EXERCISE DIRECTIONS :: Pick each line that has "ltrDl" out of the records.
※
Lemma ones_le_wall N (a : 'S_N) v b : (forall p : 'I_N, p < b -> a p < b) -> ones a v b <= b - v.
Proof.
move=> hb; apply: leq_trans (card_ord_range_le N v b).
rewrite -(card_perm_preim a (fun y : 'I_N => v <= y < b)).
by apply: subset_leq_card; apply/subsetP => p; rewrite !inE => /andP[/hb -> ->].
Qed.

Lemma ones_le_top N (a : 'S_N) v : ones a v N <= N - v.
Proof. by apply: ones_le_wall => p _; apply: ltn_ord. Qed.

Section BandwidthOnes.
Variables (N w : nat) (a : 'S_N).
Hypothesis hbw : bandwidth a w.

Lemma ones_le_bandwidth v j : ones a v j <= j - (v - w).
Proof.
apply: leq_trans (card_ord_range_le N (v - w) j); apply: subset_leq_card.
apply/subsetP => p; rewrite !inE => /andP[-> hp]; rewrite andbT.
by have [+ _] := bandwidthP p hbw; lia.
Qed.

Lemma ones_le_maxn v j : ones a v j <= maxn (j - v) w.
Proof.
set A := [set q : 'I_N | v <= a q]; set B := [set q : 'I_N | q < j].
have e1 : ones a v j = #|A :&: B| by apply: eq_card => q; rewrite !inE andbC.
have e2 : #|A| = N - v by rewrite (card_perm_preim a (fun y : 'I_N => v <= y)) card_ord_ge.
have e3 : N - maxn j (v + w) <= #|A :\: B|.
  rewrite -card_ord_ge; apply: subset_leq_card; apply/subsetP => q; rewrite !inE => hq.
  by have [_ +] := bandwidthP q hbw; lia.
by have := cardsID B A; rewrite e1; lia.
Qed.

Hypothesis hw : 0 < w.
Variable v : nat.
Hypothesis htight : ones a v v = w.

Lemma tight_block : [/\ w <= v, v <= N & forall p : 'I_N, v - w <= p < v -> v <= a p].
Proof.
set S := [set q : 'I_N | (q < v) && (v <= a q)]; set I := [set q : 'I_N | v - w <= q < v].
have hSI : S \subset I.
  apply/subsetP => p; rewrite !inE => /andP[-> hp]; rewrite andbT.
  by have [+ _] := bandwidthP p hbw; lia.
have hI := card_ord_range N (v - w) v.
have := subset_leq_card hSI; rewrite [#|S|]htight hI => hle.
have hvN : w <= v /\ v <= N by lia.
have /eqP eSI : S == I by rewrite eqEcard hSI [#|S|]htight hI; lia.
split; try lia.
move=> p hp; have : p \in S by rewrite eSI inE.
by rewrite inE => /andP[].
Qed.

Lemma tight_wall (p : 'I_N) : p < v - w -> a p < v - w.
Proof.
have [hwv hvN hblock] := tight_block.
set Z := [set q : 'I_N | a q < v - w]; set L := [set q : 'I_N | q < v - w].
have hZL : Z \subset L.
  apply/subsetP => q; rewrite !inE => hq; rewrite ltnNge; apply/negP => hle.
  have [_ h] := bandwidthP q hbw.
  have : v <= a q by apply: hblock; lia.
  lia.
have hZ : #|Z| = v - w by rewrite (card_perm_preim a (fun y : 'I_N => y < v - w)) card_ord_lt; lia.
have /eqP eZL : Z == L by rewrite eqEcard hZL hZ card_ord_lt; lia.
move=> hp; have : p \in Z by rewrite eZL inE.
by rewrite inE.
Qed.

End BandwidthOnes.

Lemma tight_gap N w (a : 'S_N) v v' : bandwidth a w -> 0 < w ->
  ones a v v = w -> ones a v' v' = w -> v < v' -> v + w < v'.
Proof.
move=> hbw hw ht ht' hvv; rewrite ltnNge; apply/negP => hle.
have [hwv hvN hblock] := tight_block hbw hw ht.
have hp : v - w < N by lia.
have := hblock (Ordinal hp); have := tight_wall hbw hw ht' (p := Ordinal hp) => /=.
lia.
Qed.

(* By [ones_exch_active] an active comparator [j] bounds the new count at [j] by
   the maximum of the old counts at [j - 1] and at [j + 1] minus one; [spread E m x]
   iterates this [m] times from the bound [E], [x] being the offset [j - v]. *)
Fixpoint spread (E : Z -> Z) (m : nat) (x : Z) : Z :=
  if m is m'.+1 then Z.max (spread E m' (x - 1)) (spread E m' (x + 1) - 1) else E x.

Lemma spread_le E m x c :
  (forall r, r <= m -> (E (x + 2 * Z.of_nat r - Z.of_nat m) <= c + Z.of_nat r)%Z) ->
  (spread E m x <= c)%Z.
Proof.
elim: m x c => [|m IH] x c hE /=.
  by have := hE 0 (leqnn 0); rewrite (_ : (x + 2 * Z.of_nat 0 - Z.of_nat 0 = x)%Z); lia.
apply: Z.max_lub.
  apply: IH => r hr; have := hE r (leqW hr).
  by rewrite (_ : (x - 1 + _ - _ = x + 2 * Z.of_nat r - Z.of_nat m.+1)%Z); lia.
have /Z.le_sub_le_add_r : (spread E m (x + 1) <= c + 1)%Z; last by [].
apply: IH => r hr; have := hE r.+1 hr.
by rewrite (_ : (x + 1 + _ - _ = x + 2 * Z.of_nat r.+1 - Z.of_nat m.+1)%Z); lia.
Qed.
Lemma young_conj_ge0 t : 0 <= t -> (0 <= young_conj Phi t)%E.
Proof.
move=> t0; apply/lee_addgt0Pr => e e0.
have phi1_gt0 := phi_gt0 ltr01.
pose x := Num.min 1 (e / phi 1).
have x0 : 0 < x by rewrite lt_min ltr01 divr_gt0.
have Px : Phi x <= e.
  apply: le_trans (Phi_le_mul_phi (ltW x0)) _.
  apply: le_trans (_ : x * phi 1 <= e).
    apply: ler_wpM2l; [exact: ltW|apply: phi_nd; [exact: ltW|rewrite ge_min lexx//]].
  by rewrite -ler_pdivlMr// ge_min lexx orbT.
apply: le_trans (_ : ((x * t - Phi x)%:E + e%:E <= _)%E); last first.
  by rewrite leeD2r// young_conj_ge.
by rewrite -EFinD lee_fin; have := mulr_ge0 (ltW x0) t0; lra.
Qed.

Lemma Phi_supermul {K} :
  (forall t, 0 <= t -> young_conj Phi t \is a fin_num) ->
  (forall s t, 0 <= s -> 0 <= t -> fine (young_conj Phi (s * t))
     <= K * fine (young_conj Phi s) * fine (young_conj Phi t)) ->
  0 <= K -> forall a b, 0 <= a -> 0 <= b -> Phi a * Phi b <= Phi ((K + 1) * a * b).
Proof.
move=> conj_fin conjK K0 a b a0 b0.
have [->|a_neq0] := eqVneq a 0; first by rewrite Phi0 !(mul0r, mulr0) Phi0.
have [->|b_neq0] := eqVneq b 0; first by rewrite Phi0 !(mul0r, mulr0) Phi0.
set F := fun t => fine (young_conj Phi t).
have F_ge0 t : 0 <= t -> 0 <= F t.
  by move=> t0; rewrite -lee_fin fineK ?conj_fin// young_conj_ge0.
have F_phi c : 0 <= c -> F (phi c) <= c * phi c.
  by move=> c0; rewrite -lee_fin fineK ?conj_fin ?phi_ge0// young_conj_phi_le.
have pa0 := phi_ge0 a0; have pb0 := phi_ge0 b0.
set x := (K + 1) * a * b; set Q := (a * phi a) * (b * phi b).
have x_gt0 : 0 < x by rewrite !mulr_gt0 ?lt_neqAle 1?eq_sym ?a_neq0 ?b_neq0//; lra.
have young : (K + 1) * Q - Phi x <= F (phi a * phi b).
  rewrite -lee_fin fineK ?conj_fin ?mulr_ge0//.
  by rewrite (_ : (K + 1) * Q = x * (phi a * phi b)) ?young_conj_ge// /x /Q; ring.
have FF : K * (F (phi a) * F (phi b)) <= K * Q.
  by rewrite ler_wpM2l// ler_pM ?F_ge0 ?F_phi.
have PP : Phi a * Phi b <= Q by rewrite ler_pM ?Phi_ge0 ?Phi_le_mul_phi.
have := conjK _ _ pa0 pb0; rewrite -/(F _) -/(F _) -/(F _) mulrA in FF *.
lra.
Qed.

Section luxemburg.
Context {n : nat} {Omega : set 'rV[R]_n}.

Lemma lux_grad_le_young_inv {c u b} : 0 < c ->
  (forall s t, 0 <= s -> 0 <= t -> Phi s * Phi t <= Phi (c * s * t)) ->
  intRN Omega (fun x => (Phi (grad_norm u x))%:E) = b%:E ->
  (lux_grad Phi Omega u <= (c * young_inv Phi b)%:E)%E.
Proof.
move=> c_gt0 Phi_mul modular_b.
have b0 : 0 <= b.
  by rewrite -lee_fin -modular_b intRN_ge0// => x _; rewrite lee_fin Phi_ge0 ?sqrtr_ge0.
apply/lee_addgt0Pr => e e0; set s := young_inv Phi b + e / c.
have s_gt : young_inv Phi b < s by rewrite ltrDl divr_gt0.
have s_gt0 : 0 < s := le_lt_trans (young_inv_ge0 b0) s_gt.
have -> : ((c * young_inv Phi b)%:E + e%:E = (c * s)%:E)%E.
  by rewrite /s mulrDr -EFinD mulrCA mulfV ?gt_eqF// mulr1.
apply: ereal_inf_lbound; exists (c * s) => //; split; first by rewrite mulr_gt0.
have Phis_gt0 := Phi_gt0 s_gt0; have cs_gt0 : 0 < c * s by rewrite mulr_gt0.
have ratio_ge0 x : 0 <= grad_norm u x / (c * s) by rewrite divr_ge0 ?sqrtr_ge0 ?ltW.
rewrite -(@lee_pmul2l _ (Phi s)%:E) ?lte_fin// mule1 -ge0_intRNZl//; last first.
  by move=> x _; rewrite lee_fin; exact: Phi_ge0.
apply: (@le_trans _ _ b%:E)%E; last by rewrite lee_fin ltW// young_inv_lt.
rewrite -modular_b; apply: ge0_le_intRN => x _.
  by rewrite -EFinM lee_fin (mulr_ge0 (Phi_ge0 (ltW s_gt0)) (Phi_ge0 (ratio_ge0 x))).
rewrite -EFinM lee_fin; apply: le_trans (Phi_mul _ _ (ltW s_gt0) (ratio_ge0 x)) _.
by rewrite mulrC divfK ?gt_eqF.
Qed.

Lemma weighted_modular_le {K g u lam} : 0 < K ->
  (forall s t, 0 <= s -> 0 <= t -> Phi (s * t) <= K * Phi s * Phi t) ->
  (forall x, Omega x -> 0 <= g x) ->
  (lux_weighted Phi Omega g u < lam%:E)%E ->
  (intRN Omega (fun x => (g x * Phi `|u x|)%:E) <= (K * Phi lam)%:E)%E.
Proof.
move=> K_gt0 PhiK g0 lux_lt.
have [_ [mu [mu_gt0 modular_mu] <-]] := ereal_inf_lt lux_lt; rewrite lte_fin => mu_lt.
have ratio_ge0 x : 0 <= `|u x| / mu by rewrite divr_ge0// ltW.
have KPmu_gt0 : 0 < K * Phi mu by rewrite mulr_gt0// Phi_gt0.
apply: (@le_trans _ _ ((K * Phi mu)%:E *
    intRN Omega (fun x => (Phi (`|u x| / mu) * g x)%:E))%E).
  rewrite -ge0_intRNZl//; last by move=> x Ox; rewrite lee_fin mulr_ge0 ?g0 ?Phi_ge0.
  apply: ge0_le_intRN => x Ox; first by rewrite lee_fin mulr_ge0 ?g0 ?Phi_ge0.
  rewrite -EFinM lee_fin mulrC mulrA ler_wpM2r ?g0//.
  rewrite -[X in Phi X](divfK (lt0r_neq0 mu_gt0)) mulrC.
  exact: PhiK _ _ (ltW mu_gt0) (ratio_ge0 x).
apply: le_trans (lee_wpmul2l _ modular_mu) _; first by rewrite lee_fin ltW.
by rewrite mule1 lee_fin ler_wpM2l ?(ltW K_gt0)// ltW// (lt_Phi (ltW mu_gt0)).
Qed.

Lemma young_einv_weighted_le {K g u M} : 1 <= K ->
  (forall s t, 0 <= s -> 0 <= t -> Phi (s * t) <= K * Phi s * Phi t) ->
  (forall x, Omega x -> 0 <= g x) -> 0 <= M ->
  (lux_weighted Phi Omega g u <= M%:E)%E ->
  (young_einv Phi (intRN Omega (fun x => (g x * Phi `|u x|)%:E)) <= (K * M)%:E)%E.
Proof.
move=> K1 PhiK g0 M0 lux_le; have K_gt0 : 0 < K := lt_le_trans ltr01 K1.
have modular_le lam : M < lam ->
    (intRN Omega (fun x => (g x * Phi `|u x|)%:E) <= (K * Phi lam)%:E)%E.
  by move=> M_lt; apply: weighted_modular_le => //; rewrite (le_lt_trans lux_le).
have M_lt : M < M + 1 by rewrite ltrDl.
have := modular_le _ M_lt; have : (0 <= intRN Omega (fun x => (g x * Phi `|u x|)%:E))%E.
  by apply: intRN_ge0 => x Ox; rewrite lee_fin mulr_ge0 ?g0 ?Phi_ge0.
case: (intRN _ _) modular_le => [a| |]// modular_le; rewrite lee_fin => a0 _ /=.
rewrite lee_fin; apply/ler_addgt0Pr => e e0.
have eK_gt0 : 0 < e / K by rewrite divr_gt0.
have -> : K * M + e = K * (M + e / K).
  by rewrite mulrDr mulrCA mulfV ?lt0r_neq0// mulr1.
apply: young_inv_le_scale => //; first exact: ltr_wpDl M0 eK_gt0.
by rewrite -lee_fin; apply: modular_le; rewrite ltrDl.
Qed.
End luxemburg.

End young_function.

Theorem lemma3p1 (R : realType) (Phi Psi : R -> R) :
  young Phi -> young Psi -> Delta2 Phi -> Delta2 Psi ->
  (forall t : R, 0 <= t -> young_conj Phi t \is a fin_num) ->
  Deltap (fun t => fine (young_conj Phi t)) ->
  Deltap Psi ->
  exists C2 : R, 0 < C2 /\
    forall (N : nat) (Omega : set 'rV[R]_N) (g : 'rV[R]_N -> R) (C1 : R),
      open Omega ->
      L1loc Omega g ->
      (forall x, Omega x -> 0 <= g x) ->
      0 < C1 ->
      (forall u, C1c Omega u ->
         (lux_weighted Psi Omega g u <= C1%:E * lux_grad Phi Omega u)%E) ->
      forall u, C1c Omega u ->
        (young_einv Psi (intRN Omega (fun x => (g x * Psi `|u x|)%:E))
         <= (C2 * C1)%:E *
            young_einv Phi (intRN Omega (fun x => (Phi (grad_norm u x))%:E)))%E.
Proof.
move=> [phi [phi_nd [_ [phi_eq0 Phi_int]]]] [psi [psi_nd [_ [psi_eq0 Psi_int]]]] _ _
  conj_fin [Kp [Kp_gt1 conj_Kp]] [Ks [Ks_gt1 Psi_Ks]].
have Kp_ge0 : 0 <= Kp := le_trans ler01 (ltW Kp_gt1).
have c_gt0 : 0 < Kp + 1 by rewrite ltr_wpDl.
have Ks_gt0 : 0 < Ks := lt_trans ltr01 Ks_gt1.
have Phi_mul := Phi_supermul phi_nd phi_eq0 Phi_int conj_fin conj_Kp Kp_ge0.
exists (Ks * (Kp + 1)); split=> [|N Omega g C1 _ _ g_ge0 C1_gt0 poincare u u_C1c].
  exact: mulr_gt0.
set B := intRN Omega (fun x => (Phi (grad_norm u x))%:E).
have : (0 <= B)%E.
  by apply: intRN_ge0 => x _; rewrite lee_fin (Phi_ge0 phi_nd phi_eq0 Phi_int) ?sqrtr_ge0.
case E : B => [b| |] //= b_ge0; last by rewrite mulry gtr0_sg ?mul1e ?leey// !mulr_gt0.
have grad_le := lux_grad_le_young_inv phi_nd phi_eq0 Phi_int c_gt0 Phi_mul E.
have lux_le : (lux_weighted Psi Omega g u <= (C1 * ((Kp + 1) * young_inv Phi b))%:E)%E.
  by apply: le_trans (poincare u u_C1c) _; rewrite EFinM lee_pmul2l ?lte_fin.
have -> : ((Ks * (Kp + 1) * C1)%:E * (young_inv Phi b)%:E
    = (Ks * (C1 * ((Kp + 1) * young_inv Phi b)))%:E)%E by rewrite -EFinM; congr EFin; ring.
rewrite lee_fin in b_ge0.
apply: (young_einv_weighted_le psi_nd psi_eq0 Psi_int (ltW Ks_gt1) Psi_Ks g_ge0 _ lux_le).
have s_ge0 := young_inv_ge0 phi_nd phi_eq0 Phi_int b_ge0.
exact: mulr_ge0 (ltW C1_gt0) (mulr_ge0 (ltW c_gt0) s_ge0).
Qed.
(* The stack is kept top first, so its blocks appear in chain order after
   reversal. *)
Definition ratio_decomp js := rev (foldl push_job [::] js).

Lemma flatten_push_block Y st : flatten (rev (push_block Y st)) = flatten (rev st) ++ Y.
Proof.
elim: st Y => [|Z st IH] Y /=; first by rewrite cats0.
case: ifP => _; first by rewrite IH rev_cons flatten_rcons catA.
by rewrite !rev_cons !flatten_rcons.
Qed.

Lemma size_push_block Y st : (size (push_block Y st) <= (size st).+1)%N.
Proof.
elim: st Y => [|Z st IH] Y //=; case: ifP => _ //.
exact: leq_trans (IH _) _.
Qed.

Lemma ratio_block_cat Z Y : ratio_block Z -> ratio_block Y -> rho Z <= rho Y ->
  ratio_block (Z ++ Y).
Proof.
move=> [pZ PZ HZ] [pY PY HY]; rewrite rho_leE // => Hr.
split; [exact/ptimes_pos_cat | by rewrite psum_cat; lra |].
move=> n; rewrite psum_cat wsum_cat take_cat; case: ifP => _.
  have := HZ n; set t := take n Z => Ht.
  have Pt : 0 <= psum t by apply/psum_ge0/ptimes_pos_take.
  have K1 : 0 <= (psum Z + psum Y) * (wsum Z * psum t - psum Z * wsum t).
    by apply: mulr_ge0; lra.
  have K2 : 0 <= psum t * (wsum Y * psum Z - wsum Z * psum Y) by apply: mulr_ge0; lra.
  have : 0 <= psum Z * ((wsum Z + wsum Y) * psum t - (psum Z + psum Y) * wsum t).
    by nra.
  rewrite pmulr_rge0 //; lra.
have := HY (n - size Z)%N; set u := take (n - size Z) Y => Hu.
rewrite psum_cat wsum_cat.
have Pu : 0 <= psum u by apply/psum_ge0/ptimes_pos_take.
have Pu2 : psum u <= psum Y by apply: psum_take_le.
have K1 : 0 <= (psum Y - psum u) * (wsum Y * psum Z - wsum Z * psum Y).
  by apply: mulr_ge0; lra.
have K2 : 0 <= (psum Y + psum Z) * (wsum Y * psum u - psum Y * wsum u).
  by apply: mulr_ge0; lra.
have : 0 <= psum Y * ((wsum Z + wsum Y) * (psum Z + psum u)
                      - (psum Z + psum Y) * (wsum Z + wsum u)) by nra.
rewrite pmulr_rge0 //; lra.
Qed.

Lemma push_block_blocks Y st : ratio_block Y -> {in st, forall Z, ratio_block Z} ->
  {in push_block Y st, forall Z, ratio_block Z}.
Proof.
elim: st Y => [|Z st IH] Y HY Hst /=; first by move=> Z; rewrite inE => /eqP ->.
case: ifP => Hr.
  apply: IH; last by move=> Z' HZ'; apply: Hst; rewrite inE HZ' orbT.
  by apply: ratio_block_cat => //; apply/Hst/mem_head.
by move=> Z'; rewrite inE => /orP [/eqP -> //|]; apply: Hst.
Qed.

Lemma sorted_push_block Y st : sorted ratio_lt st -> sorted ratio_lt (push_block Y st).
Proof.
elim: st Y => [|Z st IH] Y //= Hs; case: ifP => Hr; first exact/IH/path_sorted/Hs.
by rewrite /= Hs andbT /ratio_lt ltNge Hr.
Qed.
※
RESULT OF THIS EXERCISE ::
have s_gt : young_inv Phi b < s by rewrite ltrDl divr_gt0.
have M_lt : M < M + 1 by rewrite ltrDl.
by rewrite -lee_fin; apply: modular_le; rewrite ltrDl.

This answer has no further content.